▸ Directions: Below are records; reproduce exactly the lines from the one that has "Hypothesis dpsi_incr : forall" through the one that has "Lemma psi_tangent_le a", ends included, and nothing more.

▸ Provided entries:
╔══

(* Let $\mathcal C$ be a braided monoidal category, $\mathcal C_0$ a full braided monoidal subcategory, $C$ a $\mathcal C_0$-generated coalgebra in $\mathcal C$, and $\omega:\mathcal C_0^C\to\mathcal C$ the forgetful functor. Then $\mathrm{Nat}_{\mathcal C_0}(\omega,\omega\otimes -):\mathcal C\to\mathrm{Set}$ is representable and $C\cong\mathrm{coend}_{\mathcal C_0}(\omega)$ as coalgebras in $\mathcal C$.
   Context: A coalgebra $C$ in $\mathcal C$ is $\mathcal C_0$-generated if (1) $C$ is the colimit in $\mathcal C$ of a diagram of objects $C_i\in\mathcal C_0$ with injections $\iota_i:C_i\to C$; (2) all $X\otimes\iota_i\otimes M$ ($X\in\mathcal C_0$, $M\in\mathcal C$) are monomorphisms; (3) each $C_i$ is a subcoalgebra of $C$ via $\iota_i$; (4) for every $C$-comodule $(P,\delta_P)$ with $P\in\mathcal C_0$ there are $i$ and $\delta_{P,i}:P\to P\otimes C_i$ with $(1\otimes\iota_i)\delta_{P,i}=\delta_P$. $\mathcal C_0^C$ is the category of $C$-comodules with underlying object in $\mathcal C_0$, a $\mathcal C_0$-category via $X\otimes(P,\delta)=(X\otimes P,1_X\otimes\delta)$. $\mathrm{Nat}_{\mathcal C_0}(\omega,\omega\otimes M)$ is the set of natural transformations $\varphi:\omega\to\omega\otimes M$ with $\varphi(X\otimes P)=1_X\otimes\varphi(P)$ for all $X\in\mathcal C_0$. $\mathrm{coend}_{\mathcal C_0}(\omega)$ is the representing object, with coalgebra structure determined by the universal morphism $\delta$ via $(1\otimes\Delta)\delta=(\delta\otimes1)\delta$, $(1\otimes\varepsilon)\delta=$ canonical isomorphism. *)

Set Implicit Arguments.
Unset Strict Implicit.
(* Let $\mathcal L$ be a lattice in $\mathbb R^2$ and $n\ge2$ an integer. Then there is a convex curve $\mathcal C$ of length $L$ that contains exactly $n$ points of $\mathcal L$, such that, with $$R_1=\min_{P\in\mathcal C}\rho(P),\qquad R_2=\max_{P\in\mathcal C}\rho(P),$$ the inequalities $$\frac{L}{(A_{\mathcal L}R_1)^{1/3}}\le\left(\frac{\tau(\mathcal C)R_2}{A_{\mathcal L}R_1}\right)^{1/3}L^{2/3}\le\frac{\tau(\mathcal C)R_2}{(A_{\mathcal L}R_1)^{1/3}}<n+2$$ hold, where $\tau(\mathcal C)=\int_{\mathcal C}\kappa\,ds$.
   Context: A lattice is a set $\mathcal L=\mathcal L(v_0,v_1,v_2)=\{v_0+mv_1+nv_2: m,n\in\mathbb Z\}$ where $v_0,v_1,v_2\in\mathbb R^2$ and $v_1,v_2$ are linearly independent. Its invariant is $A_{\mathcal L}=|\det(v_1,v_2)|$. All curves are of class $C^2$ with nonvanishing first and second derivative vectors, oriented so that the curvature $\kappa$ is positive; a convex curve is such a curve. The radius of curvature is $\rho=1/\kappa$, $s$ is arclength, and $\tau(\mathcal C)=\int_{\mathcal C}\kappa\,ds$ is the total curvature. *)

From Stdlib Require Import Reals Lra List ZArith.
From Coquelicot Require Import Coquelicot.
Open Scope R_scope.

Definition pt := (R * R)%type.

Definition in_lattice (v0 v1 v2 : pt) (p : pt) : Prop :=
  exists m k : Z,
    fst p = fst v0 + IZR m * fst v1 + IZR k * fst v2 /\
    snd p = snd v0 + IZR m * snd v1 + IZR k * snd v2.

Definition det2 (u v : pt) : R := fst u * snd v - snd u * fst v.

Definition lin_indep (v1 v2 : pt) : Prop := det2 v1 v2 <> 0.
(* Let $(X,\kappa)$ be a finite digital image with simplicial Euler characteristic $\chi(X)\neq 0$, and let $f:X\to X$ be a continuous map strongly homotopic to the identity $\mathrm{id}_X$. Then $f$ has a fixed point or at least two approximate fixed points.
   Context: A digital image is a pair $(X,\kappa)$ where $X$ is a set and $\kappa$ is a symmetric irreflexive relation on $X$ (the adjacency). Write $x\leftrightarrow y$ if adjacent, $x\Leftrightarrow y$ if adjacent or equal. A map $f$ is continuous if $x\leftrightarrow y$ implies $f(x)\Leftrightarrow f(y)$. A point $x$ is an approximate fixed point of $f:X\to X$ if $f(x)\Leftrightarrow x$. The digital interval $[0,m]_{\mathbb Z}$ has consecutive integers adjacent. Continuous $f,g:X\to Y$ are strongly homotopic ($f\simeq^* g$) if there exist $m\ge1$ and $H:X\times[0,m]_{\mathbb Z}\to Y$ with $H(\cdot,0)=f$, $H(\cdot,m)=g$, such that whenever $(x,t)\neq(x',t')$, $x\Leftrightarrow x'$ and $|t-t'|\le1$, we have $H(x,t)\Leftrightarrow H(x',t')$. Simplicial homology: a $q$-simplex of $X$ is a set of $q+1$ pairwise adjacent points. $C_q(X)$ is the free abelian group generated by ordered $q$-simplices $\langle x_0,\dots,x_q\rangle$ modulo $\langle x_{\rho(0)},\dots,x_{\rho(q)}\rangle=\operatorname{sgn}(\rho)\langle x_0,\dots,x_q\rangle$, with boundary $\partial\langle x_0,\dots,x_q\rangle=\sum_{i=0}^q(-1)^i\langle x_0,\dots,\widehat{x_i},\dots,x_q\rangle$; $H_q(X)$ is its homology. The simplicial Euler characteristic is $\chi(X)=\sum_{q\ge0}(-1)^q\operatorname{rank}H_q(X)$. *)

From mathcomp Require Import all_boot all_order all_algebra.
Set Implicit Arguments. Unset Strict Implicit. Unset Printing Implicit Defensive.
Import GRing.Theory Num.Theory.
Local Open Scope ring_scope.

Section DigitalImage.
Variables (T : finType) (e : rel T).

Definition adjeq (x y : T) : bool := (x == y) || e x y.

Definition dcontinuous (f : T -> T) : Prop :=
  forall x y, e x y -> adjeq (f x) (f y).

(* strong homotopy from f to g (domain X x [0,m]_Z, time coordinate t <= m) *)
Definition strongly_homotopic (f g : T -> T) : Prop :=
  exists (m : nat) (H : T -> nat -> T),
    (1 <= m)%N /\
    (forall x, H x 0%N = f x) /\ (forall x, H x m = g x) /\
    (forall x x' t t', (t <= m)%N -> (t' <= m)%N ->
        (x, t) <> (x', t') -> adjeq x x' ->
        (t <= t'.+1)%N -> (t' <= t.+1)%N ->
        adjeq (H x t) (H x' t')).

Definition approx_fixed (f : T -> T) (x : T) : bool := adjeq (f x) x.

Definition simplices (q : nat) : {set {set T}} :=
  [set S : {set T} | (#|S| == q.+1)%N &&
     [forall x in S, forall y in S, (x != y) ==> e x y]].

(* Each simplex is oriented by the order of the vertices given by enum_rank.
   Sign of the face of s obtained by deleting vertex x: (-1)^i, i = position of x. *)
Definition face_sign (s t : {set T}) : rat :=
  if [pick x in s :\: t] is Some x then
    (-1) ^+ #|[set y in s | (enum_rank y < enum_rank x)%N]|
  else 0.

(* matrix of the boundary map d_{q+1} : C_{q+1}(X) -> C_q(X) (acting on rows),
   rational coefficients *)
Definition bdry (q : nat) : 'M[rat]_(#|simplices q.+1|, #|simplices q|) :=
  \matrix_(i, j) (let s : {set T} := enum_val i in let t : {set T} := enum_val j in
                   if t \subset s then face_sign s t else 0).

Definition rank_d (q : nat) : nat :=
  if q is q'.+1 then \rank (bdry q') else 0%N.

(* rank H_q(X) = dim ker d_q - dim im d_{q+1} (computed over Q) *)
Definition betti (q : nat) : int :=
  (#|simplices q|%:Z - (rank_d q)%:Z - (rank_d q.+1)%:Z)%R.

(* simplices have dimension < #|T|, so the sum is finite *)
Definition euler_char : int :=
  \sum_(q < #|T|.+1) (-1) ^+ q * betti q.

End DigitalImage.
Section MajorantFunction.
Variables (R : realType) (psi dpsi d2psi : R -> R) (Rr : R).
Hypothesis psi_cont : {within [set t | 0 <= t < Rr], continuous psi}.
Hypothesis psi_derive : forall t, 0 < t < Rr ->
  is_derive t 1 psi (dpsi t) /\ is_derive t 1 dpsi (d2psi t).
Hypothesis dpsi_convex : forall a b s, 0 <= a < Rr -> 0 <= b < Rr -> 0 <= s <= 1 ->
  dpsi ((1 - s) * a + s * b) <= (1 - s) * dpsi a + s * dpsi b.
Hypothesis dpsi_incr : forall a b, 0 <= a -> a < b -> b < Rr -> dpsi a < dpsi b.

Lemma psi_within_cont {a b : R} : 0 <= a -> b < Rr -> {within `[a, b], continuous psi}.
Proof.
move=> a0 bR; apply: continuous_subspaceW psi_cont => z /=.
by rewrite in_itv /= => /andP[az zb]; lra.
Qed.

Lemma psi_affine_cont (t d u : R) : 0 < t + u * d < Rr ->
  {for u, continuous (fun s : R => psi (t + s * d))}.
Proof.
move=> tud; have [[psi_d _] _] := psi_derive _ tud.
have affine_cont : {for u, continuous (fun s : R => t + s * d)}.
  by apply: cvgD; [exact: cvg_cst | apply: cvgM; [exact: cvg_id | exact: cvg_cst]].
apply: (continuous_comp affine_cont).
by apply: differentiable_continuous; apply/derivable1_diffP.
Qed.

Lemma psi_tangent_le a b : 0 <= a -> a < b -> b < Rr ->
  dpsi a * (b - a) <= psi b - psi a.
Proof.
move=> a0 ab bR.
have dpsi_on : forall x, x \in `]a, b[ -> is_derive x 1 psi (dpsi x).
  by move=> x; rewrite in_itv /= => /andP[ax xb]; case: (psi_derive x ltac:(lra)).
have [c + ->] := MVT ab dpsi_on (psi_within_cont a0 bR).
rewrite in_itv /= => /andP[ac cb].
by rewrite ler_pM2r ?subr_gt0 //; apply/ltW/dpsi_incr; lra.
Qed.

Lemma psi_increment_ge t d m s : 0 <= t -> 0 < d -> 0 <= m -> m < s -> t + s * d < Rr ->
  (s - m) * d * (dpsi (t + m * d) - dpsi t) <=
  (psi (t + s * d) - dpsi t * (s * d)) - (psi (t + m * d) - dpsi t * (m * d)).
Proof.
move=> t0 d0 m0 ms sR.
have := psi_tangent_le (t + m * d) (t + s * d) ltac:(nra) ltac:(nra) sR.
lra.
Qed.

Lemma epsi_ge0 t v : 0 <= t -> t < v -> v < Rr -> 0 <= epsi psi dpsi t v.
Proof. by move=> t0 tv vR; have := psi_tangent_le t v t0 tv vR; rewrite /epsi; lra. Qed.

Lemma epsi_le t v : 0 <= t -> t < v -> v < Rr ->
  epsi psi dpsi t v <= 1 / 2 * d2psi v * (v - t) ^+ 2.
Proof.
move=> t0 tv vR.
pose Q x := psi t + dpsi t * (x - t) + d2psi v / 2 * (x - t) ^+ 2.
have dQ (x : R) : is_derive x 1 Q (dpsi t + d2psi v * (x - t)).
  have -> : Q = cst (psi t) + dpsi t \*: (id - cst t) + (d2psi v / 2) \*: (id - cst t) ^+ 2.
    by apply/funext => y; rewrite /Q !fctE.
  apply: is_derive_eq; rewrite !fctE /= !subr0 !scaler1 /GRing.scale /=.
  by rewrite add0r expr1 mulrA divfK ?pnatr_eq0.
have dH (x : R) : x \in `]t, v[ -> is_derive x 1 (psi \- Q) (dpsi x - (dpsi t + d2psi v * (x - t))).
  rewrite in_itv /= => /andP[tx xv].
  by case: (psi_derive x ltac:(lra)) => *; exact: is_deriveB.
have cH : {within `[t, v], continuous (psi \- Q)}.
  move=> x; apply: continuousB; first exact: psi_within_cont.
  by apply: (derivable_within_continuous (f := Q)) => y _; case: (dQ y).
have [c + E] := MVT tv dH cH.
rewrite in_itv /= => /andP[tc cv].
have dpsi_v : is_derive v 1 dpsi (d2psi v) by case: (psi_derive v ltac:(lra)).
have : slope dpsi t c <= d2psi v.
  apply: le_trans (slope_le_derive dpsi_convex dpsi_v t0 tv vR).
  by apply: (slope_le dpsi_convex); lra.
rewrite /slope ler_pdivrMr ?subr_gt0 // => dpsi_c.
have Ht : (psi \- Q) t = 0 by rewrite /Q /= subrr mulr0 expr0n /= mulr0 !addr0 subrr.
have : (psi \- Q) v <= 0.
  by move: E; rewrite Ht subr0 => ->; apply: mulr_le0_ge0; lra.
rewrite /Q /epsi /=; lra.
Qed.


Section MajorantCondition.
Variables (X Y : normedModType R) (Om : set X) (f : X -> Y) (f' : X -> X -> Y)
  (x0 : X) (lam : R).
Hypothesis Rr_gt0 : 0 < Rr.
Hypothesis lam_gt0 : 0 < lam.
Hypothesis f_diff : forall x, Om x -> differentiable f x /\ ('d f x : X -> Y) = f' x.
Hypothesis f'_majorant : forall x y,
  ball x0 (kappa x0 Om Rr) x -> ball x0 (kappa x0 Om Rr) y ->
  `|y - x| + `|x - x0| < Rr ->
  lam * opnorm (fun h => f' y h - f' x h) <= dpsi (`|y - x| + `|x - x0|) - dpsi `|x - x0|.

Lemma deriv_increment_le x h t d u :
  ball x0 (kappa x0 Om Rr) x -> ball x0 (kappa x0 Om Rr) (x + h) ->
  `|x - x0| <= t -> 0 < d -> `|h| <= d -> t + d < Rr -> 0 <= u <= 1 ->
  lam * `|'d f (x + u *: h) h - 'd f x h| <= `|h| ^+ 2 / d * (dpsi (t + u * d) - dpsi t).
Proof.
move=> x_ball xh_ball xt d_gt0 hd tdR u01; have /andP[u0 u1] := u01.
have := ball_segment x_ball xh_ball u01; rewrite (addrC x h) addrK => p_ball.
have [dfp dfp_eq] := f_diff _ (kappa_ball_sub Rr_gt0 _ p_ball).
have [dfx dfx_eq] := f_diff _ (kappa_ball_sub Rr_gt0 _ x_ball).
have h0 := normr_ge0 h; have s0 := normr_ge0 (x - x0).
have uh_lt : u * `|h| + `|x - x0| < Rr by nra.
have := f'_majorant _ _ x_ball p_ball.
rewrite -dfp_eq -dfx_eq [_ + _ - x]addrC addKr normrZ ger0_norm // => /(_ uh_lt) maj.
have := diff_sub_le_opnorm h dfp dfx => /(ler_wpM2l (ltW lam_gt0)).
rewrite mulrA => /le_trans/(_ (ler_wpM2r h0 maj)) step.
have ud_lt : t + u * d < Rr by nra.
have incr := convex_increment_le dpsi_convex s0 xt h0 hd u0 ud_lt.
rewrite mulrAC ler_pdivlMr //; apply: le_trans (ler_wpM2r (ltW d_gt0) step) _.
by rewrite mulrAC expr2 [leRHS]mulrC [leRHS]mulrA (addrC (u * _)) ler_wpM2r.
Qed.

Lemma Ef_le_epsi x y t v :
  ball x0 (kappa x0 Om Rr) x -> ball x0 (kappa x0 Om Rr) y ->
  0 <= t -> t < v -> v < Rr -> `|x - x0| <= t -> `|y - x| <= v - t ->
  lam * `|Ef f f' x y| <= epsi psi dpsi t v * (`|y - x| ^+ 2 / (v - t) ^+ 2).
Proof.
move=> x_ball y_ball t0 tv vR xt yx.
have y_eq : x + (y - x) = y by rewrite addrC subrK.
set h := y - x in y_eq yx *; set d := v - t in yx *.
have d_gt0 : 0 < d by rewrite subr_gt0.
have tdR : t + d < Rr by rewrite /d; lra.
pose c := `|h| ^+ 2 / (lam * d ^+ 2).
have c_ge0 : 0 <= c by rewrite divr_ge0 ?exprn_ge0 // ltW // mulr_gt0 ?exprn_gt0.
(* phi u is c times the Taylor remainder of psi at t, evaluated at t + u d,
   up to an additive constant; K is its derivative. *)
pose K u := c * (d * (dpsi (t + u * d) - dpsi t)).
pose phi u := c * (psi (t + u * d) - dpsi t * (u * d)).
have [_ dfx_eq] := f_diff _ (kappa_ball_sub Rr_gt0 _ x_ball).
have mvi : `|Ef f f' x y| <= phi 1 - phi 0.
  rewrite /Ef -dfx_eq -{1}y_eq opprD addrA.
  apply: (@segment_mean_value _ _ _ f x h K).
  - move=> u u01; have := ball_segment x_ball y_ball u01.
    by move=> /(kappa_ball_sub Rr_gt0)/f_diff[].
  - move=> u u01.
    have -> : K u = lam^-1 * (`|h| ^+ 2 / d * (dpsi (t + u * d) - dpsi t)).
      by rewrite /K /c; field; rewrite ?gt_eqF.
    rewrite ler_pdivlMl //.
    by apply: deriv_increment_le => //; [rewrite y_eq | lra].
  - move=> u u01; apply: cvgM; first exact: cvg_cst.
    apply: cvgB; first by apply: psi_affine_cont; nra.
    by apply: cvgM; [exact: cvg_cst | apply: cvgM; [exact: cvg_id | exact: cvg_cst]].
  - move=> m s m0 /andP[ms s1]; rewrite /K /phi mulrCA -mulrBr ler_wpM2l // mulrA.
    by apply: psi_increment_ge => //; nra.
suff <- : lam * (phi 1 - phi 0) = epsi psi dpsi t v * (`|h| ^+ 2 / d ^+ 2).
  by rewrite ler_wpM2l // ltW.
have tdv : t + d = v by rewrite /d addrC subrK.
rewrite /phi /c /epsi !mul0r addr0 mulr0 subr0 !mul1r tdv.
by rewrite -/d; field; rewrite ?gt_eqF.
Qed.

End MajorantCondition.

End MajorantFunction.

╚══

▸ Result:
Hypothesis dpsi_incr : forall a b, 0 <= a -> a < b -> b < Rr -> dpsi a < dpsi b.

Lemma psi_within_cont {a b : R} : 0 <= a -> b < Rr -> {within `[a, b], continuous psi}.
Proof.
move=> a0 bR; apply: continuous_subspaceW psi_cont => z /=.
by rewrite in_itv /= => /andP[az zb]; lra.
Qed.

Lemma psi_affine_cont (t d u : R) : 0 < t + u * d < Rr ->
  {for u, continuous (fun s : R => psi (t + s * d))}.
Proof.
move=> tud; have [[psi_d _] _] := psi_derive _ tud.
have affine_cont : {for u, continuous (fun s : R => t + s * d)}.
  by apply: cvgD; [exact: cvg_cst | apply: cvgM; [exact: cvg_id | exact: cvg_cst]].
apply: (continuous_comp affine_cont).
by apply: differentiable_continuous; apply/derivable1_diffP.
Qed.

Lemma psi_tangent_le a b : 0 <= a -> a < b -> b < Rr ->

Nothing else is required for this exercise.